* _WHAT THIS TASK INVOLVES_
Starting at the line with "rewrite -mulr_suml -rmorph_sum" and going on through the line with "rewrite -rmorph_sum (big_ord_foldr", reproduce each line in the records below exactly and nothing more.

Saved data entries
Lemma normalized_transfer_fixed_point phi0 :
  S phi0 -> exists f, [/\ Linfty_section f, forall w, S (f w) & T f = f].
Proof.
move=> S0; set x := fun n => iter n T (fun _ : Omega => phi0).
have Sx : forall n w, S (x n w) by move=> n; apply: iter_normalized_transfer_cone.
have /choice [f xf] : forall w, exists y, x ^~ w @ \oo --> y /\
    forall n, `|x n w - y| <= geometric (2 * K) lam n.
  move=> w; have [|y xy xyr] := cauchy_rate_limit (u := x ^~ w) (geometric_lam_cvg0 (2 * K)).
    move=> n k; rewrite /x iterD /=.
    by apply: dist_iter_normalized_transfer => // v; apply: iter_normalized_transfer_cone.
  by exists y.
have Tf : T f = f.
  by apply: (normalized_transfer_fixed_of_unif_lim Sx) => // n w; apply: (xf w).2.
have Cf w : C (f w) /\ l (f w) = 1.
  exact: cone_l1_limit (Sx ^~ w) (xf w).1 (geometric_lam_cvg0 _) (xf w).2.
exists f; split=> // [|w].
  split; last first.
    by exists K => w; have [Cfw lfw] := Cf w; rewrite -[K]mulr1 -lfw (cone_norm_le K_gt0 l_ge).
  apply: (bochner_measurable_unif_lim (x := x) _ (geometric_lam_cvg0 (2 * K))).
    by move=> n; case: (Linfty_iter_normalized_transfer n S0).
  by move=> n w; apply: (xf w).2.
rewrite -Tf; apply: normalized_transfer_cone; first exact: (Cf _).1.
by apply: contra_eq_neq (Cf (taui w)).2 => ->; rewrite linear0 eq_sym oner_neq0.
Qed.

Lemma normalized_transfer_fixed_point_unique f g :
  (forall w, S (f w)) -> (forall w, S (g w)) -> T f = f -> T g = g -> f = g.
Proof.
move=> Sf Sg Tf Tg; apply/funext => w.
apply: (eq_of_near_dist_le (geometric_lam_cvg0 (2 * K))); apply: nearW => n.
by rewrite -(iter_fix n Tf) -(iter_fix n Tg); exact: dist_iter_normalized_transfer.
Qed.

End NormalizedTransfer.
Lemma conj_Umx_entry (q : rat) i :
  ((ratr q : algC) / sqrtC (ratr (wnorm i)))^* = ratr q / sqrtC (ratr (wnorm i)).
Proof. by rewrite conj_Creal // rpred_div ?sqrt_wnorm_real // Creal_Crat ?Crat_rat. Qed.

Lemma Umx_unitary L : eigenbasis L -> Umx *m ctrans Umx = 1%:M.
Proof.
case/and3P=> /all_iota W_nz /all_iota W_orth _; apply/matrixP=> i k; rewrite !mxE.
under eq_bigr do rewrite !mxE conj_Umx_entry mulrACA -invfM -rmorphM.
rewrite -mulr_suml -rmorph_sum (big_ord_foldr _ (fun j => Wrat i j * Wrat k j)).
have [<-|ne_ik] := eqVneq i k.
  have -> : [seq Wrat i j * Wrat i j | j <- iota 0 d] = [seq Wrat i j ^+ 2 | j <- iota 0 d].
    by apply: eq_map => j; rewrite expr2.
  by rewrite sqrt_wnormK divff // fmorph_eq0 (W_nz i).
have /all_iota/(_ k (ltn_ord k)) := W_orth i (ltn_ord i).
have /negbTE-> : (i : nat) != k := ne_ik.
by move=> /eqP->; rewrite rmorph0 mul0r.
Qed.

Lemma card_emap zl (mu : 'I_8) : exponents zl ->
  #|[set i | emap i == mu]| = count_mem (mu : nat) e.
Proof.
case/and3P=> /eqP size_e /allP lt_e _.
rewrite -sum1_card (eq_bigl (fun i : 'I_d => nth 0%N e i == mu)) => [|i]; last first.
  have lt_ei : (nth 0 e i < 8)%N by apply: lt_e; rewrite mem_nth // size_e.
  by rewrite inE -val_eqE /= inordK.
rewrite -(big_mkord (fun i => nth 0%N e i == mu) (fun _ => 1%N)) sum1_count.
by rewrite -[in RHS](mkseq_nth 0%N e) size_e /mkseq count_map.
Qed.

Lemma Umx_entry_product (a b c : rat) i : wnorm i != 0 ->
  ratr a / sqrtC (ratr (wnorm i)) * ratr c * (ratr b / sqrtC (ratr (wnorm i))) =
  ratr (a * b * c / wnorm i) :> algC.
Proof.
move=> nz_i; have := sqrt_wnormK i; set s := sqrtC _ => sK.
have nz_s : s != 0 by rewrite /s sqrtC_eq0 fmorph_eq0.
transitivity ((ratr a : algC) * ratr b * ratr c / (s * s)); first by field.
by rewrite sK !rmorphM fmorphV.
Qed.

Lemma Umx_diagonalizes zl L (l : 'I_8) : eigenbasis L -> exponents zl ->
  natmx (nimrep_of L l) =
  ctrans Umx *m diag_mx (\row_i (Smat l (emap i) / Smat ord0 (emap i))) *m Umx.
Proof.
case/and3P=> /all_iota W_nz _ /all_iota W_diag /and3P[/eqP size_e /allP lt_e _].
apply/matrixP=> j k; rewrite mul_mx_diag !mxE.
rewrite (eq_bigr (fun i : 'I_d => ratr (Wrat i j * Wrat i k * eigval l i / wnorm i))) => [|i _].
  rewrite -rmorph_sum (big_ord_foldr _ (fun i => Wrat i j * Wrat i k * eigval l i / wnorm i)).
  have /all_iota/(_ j (ltn_ord j))/all_iota/(_ k (ltn_ord k))/eqP-> := W_diag l (ltn_ord l).
  by rewrite rmorph_nat.
have lt_ei : (nth 0 e i < 8)%N by apply: lt_e; rewrite mem_nth // size_e.
(* Locking [Smat] keeps [mxE] from expanding the S-matrix itself. *)
rewrite (lock Smat) !mxE -lock conj_Umx_entry !SmatE /emap inordK //.
rewrite -fmorph_div Umx_entry_product //.
exact: W_nz.
Qed.

End Certificate.

Lemma matches_of_certificate n zl (L : seq lmatrix) W e :
  lnimrep n L -> eigenbasis n W e L -> exponents n e zl -> matches (mxl 0%N zl) (nimrep_of n L).
Proof.
move=> nimL eigL /[dup] expZ /and3P[/eqP size_e lt_e /all_iota Zdiag]; split.
- rewrite -size_e /mxtrace.
  rewrite (eq_bigr (fun mu : 'I_8 => count_mem (mu : nat) e)) => [|mu _]; last first.
    by rewrite /mxl mxE; apply/esym/eqP/Zdiag.
  have := big_seq_count (fun _ => 1%N) lt_e; rewrite sum1_size => ->.
  by apply: eq_bigr => mu _; rewrite natn.
- exact: is_nimrep_of.
exists (@Umx n W), (@emap n e); split.
- exact: Umx_unitary eigL.
- by move=> mu; rewrite (card_emap _ expZ) /mxl mxE; apply/eqP/Zdiag.
- by move=> l; apply: Umx_diagonalizes eigL expZ.
Qed.

Section Matching.
Local Open Scope ring_scope.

* _OUTPUT_
rewrite -mulr_suml -rmorph_sum (big_ord_foldr _ (fun j => Wrat i j * Wrat k j)).
have [<-|ne_ik] := eqVneq i k.
  have -> : [seq Wrat i j * Wrat i j | j <- iota 0 d] = [seq Wrat i j ^+ 2 | j <- iota 0 d].
    by apply: eq_map => j; rewrite expr2.
  by rewrite sqrt_wnormK divff // fmorph_eq0 (W_nz i).
have /all_iota/(_ k (ltn_ord k)) := W_orth i (ltn_ord i).
have /negbTE-> : (i : nat) != k := ne_ik.
by move=> /eqP->; rewrite rmorph0 mul0r.
Qed.

Lemma card_emap zl (mu : 'I_8) : exponents zl ->
  #|[set i | emap i == mu]| = count_mem (mu : nat) e.
Proof.
case/and3P=> /eqP size_e /allP lt_e _.
rewrite -sum1_card (eq_bigl (fun i : 'I_d => nth 0%N e i == mu)) => [|i]; last first.
  have lt_ei : (nth 0 e i < 8)%N by apply: lt_e; rewrite mem_nth // size_e.
  by rewrite inE -val_eqE /= inordK.
rewrite -(big_mkord (fun i => nth 0%N e i == mu) (fun _ => 1%N)) sum1_count.
by rewrite -[in RHS](mkseq_nth 0%N e) size_e /mkseq count_map.
Qed.

Lemma Umx_entry_product (a b c : rat) i : wnorm i != 0 ->
  ratr a / sqrtC (ratr (wnorm i)) * ratr c * (ratr b / sqrtC (ratr (wnorm i))) =
  ratr (a * b * c / wnorm i) :> algC.
Proof.
move=> nz_i; have := sqrt_wnormK i; set s := sqrtC _ => sK.
have nz_s : s != 0 by rewrite /s sqrtC_eq0 fmorph_eq0.
transitivity ((ratr a : algC) * ratr b * ratr c / (s * s)); first by field.
by rewrite sK !rmorphM fmorphV.
Qed.

Lemma Umx_diagonalizes zl L (l : 'I_8) : eigenbasis L -> exponents zl ->
  natmx (nimrep_of L l) =
  ctrans Umx *m diag_mx (\row_i (Smat l (emap i) / Smat ord0 (emap i))) *m Umx.
Proof.
case/and3P=> /all_iota W_nz _ /all_iota W_diag /and3P[/eqP size_e /allP lt_e _].
apply/matrixP=> j k; rewrite mul_mx_diag !mxE.
rewrite (eq_bigr (fun i : 'I_d => ratr (Wrat i j * Wrat i k * eigval l i / wnorm i))) => [|i _].
  rewrite -rmorph_sum (big_ord_foldr _ (fun i => Wrat i j * Wrat i k * eigval l i / wnorm i)).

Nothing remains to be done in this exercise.